_About this task_:
Set each line of the data down exactly, please.

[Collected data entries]
* * * * *
Lemma aut_eq_on_gens (a b : {perm S4C2}) : a \in Aut S4xC2 -> b \in Aut S4xC2 ->
  a x0 = b x0 -> a y0 = b y0 -> a = b.
Proof.
move=> aut_a aut_b ax ay.
have agree n c : c \in words n -> exists g, gcode g = c /\ a g = b g.
  elim: n c => [|n IHn] c; first by rewrite inE => /eqP->; exists 1; rewrite gcode1 !aut1.
  rewrite wordsS mem_undup !mem_cat => /or3P[/IHn // | /mapP[d /IHn[g [<- abg]] ->] |
                                                     /mapP[d /IHn[g [<- abg]] ->]].
  - by exists (g * x0); rewrite gcodeM gcode_x0 !autM // abg ax.
  - by exists (g * y0); rewrite gcodeM gcode_y0 !autM // abg ay.
apply/permP => g; have [h [/gcode_inj <- //]] := agree 8 _ (all_codes_words (gcode_mem g)).
Qed.

Lemma card_Aut_S4xC2 : #|Aut S4xC2| <= 48.
Proof.
pose gen_images (a : {perm S4C2}) := (gcode (a x0), gcode (a y0)).
rewrite -size_relation_pairs cardE -(size_map gen_images); apply: uniq_leq_size.
  rewrite (map_inj_in_uniq (f := gen_images)) ?enum_uniq // => a b; rewrite !mem_enum.
  move=> aut_a aut_b /eqP; rewrite xpair_eqE => /andP[/eqP/gcode_inj ax /eqP/gcode_inj ay].
  exact: aut_eq_on_gens.
move=> p /mapP[a]; rewrite mem_enum => aut_a ->; rewrite mem_filter mem_pairs !gcode_mem andbT /=.
by rewrite -gen_relations_code gen_relations_aut // gen_relations_x0y0.
Qed.

Definition sign_Z2 (s : {perm 'I_4}) : 'Z_2 := if odd_perm s then @Ordinal 2 1 isT else 1.

Lemma odd_sign_Z2 (s : {perm 'I_4}) : odd (sign_Z2 s) = odd_perm s.
Proof. by rewrite /sign_Z2; case: odd_perm. Qed.

Definition twist (g : S4C2) : S4C2 := (g.1, g.2 * sign_Z2 g.1).

Lemma twistK : involutive twist.
Proof.
move=> [s c]; rewrite /twist; congr pair; apply: odd_Z2_inj.
by rewrite !odd_Z2M odd_sign_Z2 -addbA addbb addbF.
Qed.

Lemma twistM (g h : S4C2) : twist (g * h) = twist g * twist h.
Proof.
rewrite /twist; congr pair; apply: odd_Z2_inj; rewrite !odd_Z2M !odd_sign_Z2 odd_permM.
by case: (odd g.2); case: (odd h.2); case: (odd_perm g.1); case: (odd_perm h.1).
Qed.

Lemma Z2_conj (c d : 'Z_2) : c ^ d = c.
Proof. by apply: odd_Z2_inj; rewrite /conjg !odd_Z2M odd_Z2V addbCA addbb addbF. Qed.

Lemma conjg_pair (g w : S4C2) : w ^ g = (w.1 ^ g.1, w.2 ^ g.2).
Proof. by []. Qed.

Lemma twistJ (g w : S4C2) : twist (w ^ g) = twist w ^ g.
Proof. by rewrite !conjg_pair /twist !Z2_conj /sign_Z2 odd_permJ. Qed.

Definition twist_perm : {perm S4C2} := perm (inv_inj twistK).

Lemma twist_Aut : twist_perm \in Aut S4xC2.
Proof.
rewrite inE; apply/andP; split; first by apply/subsetP => g _; rewrite inE.
by apply/morphicP => g h _ _; rewrite !permE twistM.
Qed.

Lemma twist_conj_aut (g : S4C2) : commute (conj_aut S4xC2 g) twist_perm.
Proof. by apply/permP => w; rewrite !permM !conj_autE ?inE // !permE twistJ. Qed.

Definition twist_pow (b : bool) : {perm S4C2} := if b then twist_perm else 1.

Lemma twist_powD (b c : bool) : twist_pow (b (+) c) = twist_pow b * twist_pow c.
Proof.
have twist2 : twist_perm * twist_perm = 1.
  by apply/permP => w; rewrite permM perm1 !permE twistK.
by case: b; case: c; rewrite /twist_pow ?twist2 ?mulg1 ?mul1g.
Qed.

Definition psi (g : S4C2) : {perm S4C2} := conj_aut S4xC2 g * twist_pow (odd g.2).

Lemma psiM : {in S4xC2 &, {morph psi : g h / g * h}}.
Proof.
move=> g h _ _; have odd_gh : odd (g * h).2 = odd g.2 (+) odd h.2 by apply: odd_Z2M.
have inN (k : S4C2) : k \in 'N(S4xC2) by rewrite inE; apply: subsetT.
rewrite /psi morphM ?inN // odd_gh twist_powD !mulgA; congr (_ * _).
rewrite -!mulgA; congr (_ * _).
by rewrite /twist_pow; case: (odd g.2); rewrite ?mulg1 ?mul1g //; apply: twist_conj_aut.
Qed.

Canonical psi_morphism := Morphism psiM.

Lemma psi_Aut (g : S4C2) : psi g \in Aut S4xC2.
Proof.
rewrite groupM ?Aut_aut //.
by rewrite /twist_pow; case: (odd g.2); [apply: twist_Aut | apply: group1].
Qed.
Lemma corner_shape c r : ~~ pinched b c -> corner_v c r * (1 - epow c (corner_ratio c r)) = 1.
Proof.
move=> hp; have den_neq0 := kappa_den_neq0 hp.
suff [cW cS cE] : [/\ corner_v c cornerW * (1 - epow c (corner_ratio c cornerW)) = 1,
    corner_v c cornerS * (1 - epow c (corner_ratio c cornerS)) = 1 &
    corner_v c cornerE * (1 - epow c (corner_ratio c cornerE)) = 1].
  by case: r => //; rewrite /corner_v /= mulr1 mulVf.
have [ab_neq0 [m_neq0 /(_ c)]] := Hchi.
have [a1 b1] := ab_neq0 (in1 c); have [a2 b2] := ab_neq0 (in2 c).
have b1' := (ab_neq0 (out1 c)).2.
have m1 := m_neq0 (Defs.comp (in1 c)); have m2 := m_neq0 (Defs.comp (in2 c)).
move: den_neq0; rewrite /corner_v /corner_ratio /kappa_den /epow /=.
case: positive => /= [den [A Q _ -> [e1 e2]] | den [A Q _ -> [e1 e2]]].
  exact: (shape_corners_pos a1 a2 b1 b2 m1 m2 A Q erefl erefl e1 e2 den).
exact: (shape_corners_neg a1 a2 b1 b2 m1 m2 A Q b1' erefl erefl e1 e2 den).
Qed.

Lemma pinched_corner_ratio c r : pinched b c -> corner_ratio c r = 1.
Proof.
move=> /eqP b2'E; have [ab_neq0 [m_neq0 /(_ c) shape_c]] := Hchi.
have [a1 b1] := ab_neq0 (in1 c); have b2 := (ab_neq0 (in2 c)).2.
have m1 := m_neq0 (Defs.comp (in1 c)); have m2 := m_neq0 (Defs.comp (in2 c)).
have [b2E b1'E] : b (in2 c) = m (Defs.comp (in1 c)) * b (in1 c) /\
    m (Defs.comp (in2 c)) * b (in2 c) = m (Defs.comp (in1 c)) * b (out1 c).
  move: shape_c; case: positive => /= -[_ _ _ _ [e1 e2]].
    by apply: (pinched_shape_pos a1 b1 m1 _ e1); rewrite -{1}b2'E e2.
  by apply: (pinched_shape_neg a1 b1 b2 m1 m2 _ e1); rewrite -{1}b2'E e2.
have {}b1'E : b (out1 c) = m (Defs.comp (in2 c)) * b (in2 c) / m (Defs.comp (in1 c)).
  by rewrite b1'E mulrC mulKf.
rewrite /corner_ratio b2'E; case: r => /=; rewrite ?b1'E ?b2E; field; rewrite ?m1 ?m2 ?b1 //.
Qed.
* * * * *
_Answer to this task_:
Lemma aut_eq_on_gens (a b : {perm S4C2}) : a \in Aut S4xC2 -> b \in Aut S4xC2 ->
  a x0 = b x0 -> a y0 = b y0 -> a = b.
Proof.
move=> aut_a aut_b ax ay.
have agree n c : c \in words n -> exists g, gcode g = c /\ a g = b g.
  elim: n c => [|n IHn] c; first by rewrite inE => /eqP->; exists 1; rewrite gcode1 !aut1.
  rewrite wordsS mem_undup !mem_cat => /or3P[/IHn // | /mapP[d /IHn[g [<- abg]] ->] |
                                                     /mapP[d /IHn[g [<- abg]] ->]].
  - by exists (g * x0); rewrite gcodeM gcode_x0 !autM // abg ax.
  - by exists (g * y0); rewrite gcodeM gcode_y0 !autM // abg ay.
apply/permP => g; have [h [/gcode_inj <- //]] := agree 8 _ (all_codes_words (gcode_mem g)).
Qed.

Lemma card_Aut_S4xC2 : #|Aut S4xC2| <= 48.
Proof.
pose gen_images (a : {perm S4C2}) := (gcode (a x0), gcode (a y0)).
rewrite -size_relation_pairs cardE -(size_map gen_images); apply: uniq_leq_size.
  rewrite (map_inj_in_uniq (f := gen_images)) ?enum_uniq // => a b; rewrite !mem_enum.
  move=> aut_a aut_b /eqP; rewrite xpair_eqE => /andP[/eqP/gcode_inj ax /eqP/gcode_inj ay].
  exact: aut_eq_on_gens.
move=> p /mapP[a]; rewrite mem_enum => aut_a ->; rewrite mem_filter mem_pairs !gcode_mem andbT /=.
by rewrite -gen_relations_code gen_relations_aut // gen_relations_x0y0.
Qed.

Definition sign_Z2 (s : {perm 'I_4}) : 'Z_2 := if odd_perm s then @Ordinal 2 1 isT else 1.

Lemma odd_sign_Z2 (s : {perm 'I_4}) : odd (sign_Z2 s) = odd_perm s.
Proof. by rewrite /sign_Z2; case: odd_perm. Qed.

Definition twist (g : S4C2) : S4C2 := (g.1, g.2 * sign_Z2 g.1).

Lemma twistK : involutive twist.
Proof.
move=> [s c]; rewrite /twist; congr pair; apply: odd_Z2_inj.
by rewrite !odd_Z2M odd_sign_Z2 -addbA addbb addbF.
Qed.

Lemma twistM (g h : S4C2) : twist (g * h) = twist g * twist h.
Proof.
rewrite /twist; congr pair; apply: odd_Z2_inj; rewrite !odd_Z2M !odd_sign_Z2 odd_permM.
by case: (odd g.2); case: (odd h.2); case: (odd_perm g.1); case: (odd_perm h.1).
Qed.

Lemma Z2_conj (c d : 'Z_2) : c ^ d = c.
Proof. by apply: odd_Z2_inj; rewrite /conjg !odd_Z2M odd_Z2V addbCA addbb addbF. Qed.

Lemma conjg_pair (g w : S4C2) : w ^ g = (w.1 ^ g.1, w.2 ^ g.2).
Proof. by []. Qed.

Lemma twistJ (g w : S4C2) : twist (w ^ g) = twist w ^ g.
Proof. by rewrite !conjg_pair /twist !Z2_conj /sign_Z2 odd_permJ. Qed.

Definition twist_perm : {perm S4C2} := perm (inv_inj twistK).

Lemma twist_Aut : twist_perm \in Aut S4xC2.
Proof.
rewrite inE; apply/andP; split; first by apply/subsetP => g _; rewrite inE.
by apply/morphicP => g h _ _; rewrite !permE twistM.
Qed.

Lemma twist_conj_aut (g : S4C2) : commute (conj_aut S4xC2 g) twist_perm.
Proof. by apply/permP => w; rewrite !permM !conj_autE ?inE // !permE twistJ. Qed.

Definition twist_pow (b : bool) : {perm S4C2} := if b then twist_perm else 1.

Lemma twist_powD (b c : bool) : twist_pow (b (+) c) = twist_pow b * twist_pow c.
Proof.
have twist2 : twist_perm * twist_perm = 1.
  by apply/permP => w; rewrite permM perm1 !permE twistK.
by case: b; case: c; rewrite /twist_pow ?twist2 ?mulg1 ?mul1g.
Qed.

Definition psi (g : S4C2) : {perm S4C2} := conj_aut S4xC2 g * twist_pow (odd g.2).

Lemma psiM : {in S4xC2 &, {morph psi : g h / g * h}}.
Proof.
move=> g h _ _; have odd_gh : odd (g * h).2 = odd g.2 (+) odd h.2 by apply: odd_Z2M.
have inN (k : S4C2) : k \in 'N(S4xC2) by rewrite inE; apply: subsetT.
rewrite /psi morphM ?inN // odd_gh twist_powD !mulgA; congr (_ * _).
rewrite -!mulgA; congr (_ * _).
by rewrite /twist_pow; case: (odd g.2); rewrite ?mulg1 ?mul1g //; apply: twist_conj_aut.
Qed.

Canonical psi_morphism := Morphism psiM.

Lemma psi_Aut (g : S4C2) : psi g \in Aut S4xC2.
Proof.
rewrite groupM ?Aut_aut //.
by rewrite /twist_pow; case: (odd g.2); [apply: twist_Aut | apply: group1].
Qed.
Lemma corner_shape c r : ~~ pinched b c -> corner_v c r * (1 - epow c (corner_ratio c r)) = 1.
Proof.
move=> hp; have den_neq0 := kappa_den_neq0 hp.
suff [cW cS cE] : [/\ corner_v c cornerW * (1 - epow c (corner_ratio c cornerW)) = 1,
    corner_v c cornerS * (1 - epow c (corner_ratio c cornerS)) = 1 &
    corner_v c cornerE * (1 - epow c (corner_ratio c cornerE)) = 1].
  by case: r => //; rewrite /corner_v /= mulr1 mulVf.
have [ab_neq0 [m_neq0 /(_ c)]] := Hchi.
have [a1 b1] := ab_neq0 (in1 c); have [a2 b2] := ab_neq0 (in2 c).
have b1' := (ab_neq0 (out1 c)).2.
have m1 := m_neq0 (Defs.comp (in1 c)); have m2 := m_neq0 (Defs.comp (in2 c)).
move: den_neq0; rewrite /corner_v /corner_ratio /kappa_den /epow /=.
case: positive => /= [den [A Q _ -> [e1 e2]] | den [A Q _ -> [e1 e2]]].
  exact: (shape_corners_pos a1 a2 b1 b2 m1 m2 A Q erefl erefl e1 e2 den).
exact: (shape_corners_neg a1 a2 b1 b2 m1 m2 A Q b1' erefl erefl e1 e2 den).
Qed.

Lemma pinched_corner_ratio c r : pinched b c -> corner_ratio c r = 1.
Proof.
move=> /eqP b2'E; have [ab_neq0 [m_neq0 /(_ c) shape_c]] := Hchi.
have [a1 b1] := ab_neq0 (in1 c); have b2 := (ab_neq0 (in2 c)).2.
have m1 := m_neq0 (Defs.comp (in1 c)); have m2 := m_neq0 (Defs.comp (in2 c)).
have [b2E b1'E] : b (in2 c) = m (Defs.comp (in1 c)) * b (in1 c) /\
    m (Defs.comp (in2 c)) * b (in2 c) = m (Defs.comp (in1 c)) * b (out1 c).
  move: shape_c; case: positive => /= -[_ _ _ _ [e1 e2]].
    by apply: (pinched_shape_pos a1 b1 m1 _ e1); rewrite -{1}b2'E e2.
  by apply: (pinched_shape_neg a1 b1 b2 m1 m2 _ e1); rewrite -{1}b2'E e2.
have {}b1'E : b (out1 c) = m (Defs.comp (in2 c)) * b (in2 c) / m (Defs.comp (in1 c)).
  by rewrite b1'E mulrC mulKf.
rewrite /corner_ratio b2'E; case: r => /=; rewrite ?b1'E ?b2E; field; rewrite ?m1 ?m2 ?b1 //.
Qed.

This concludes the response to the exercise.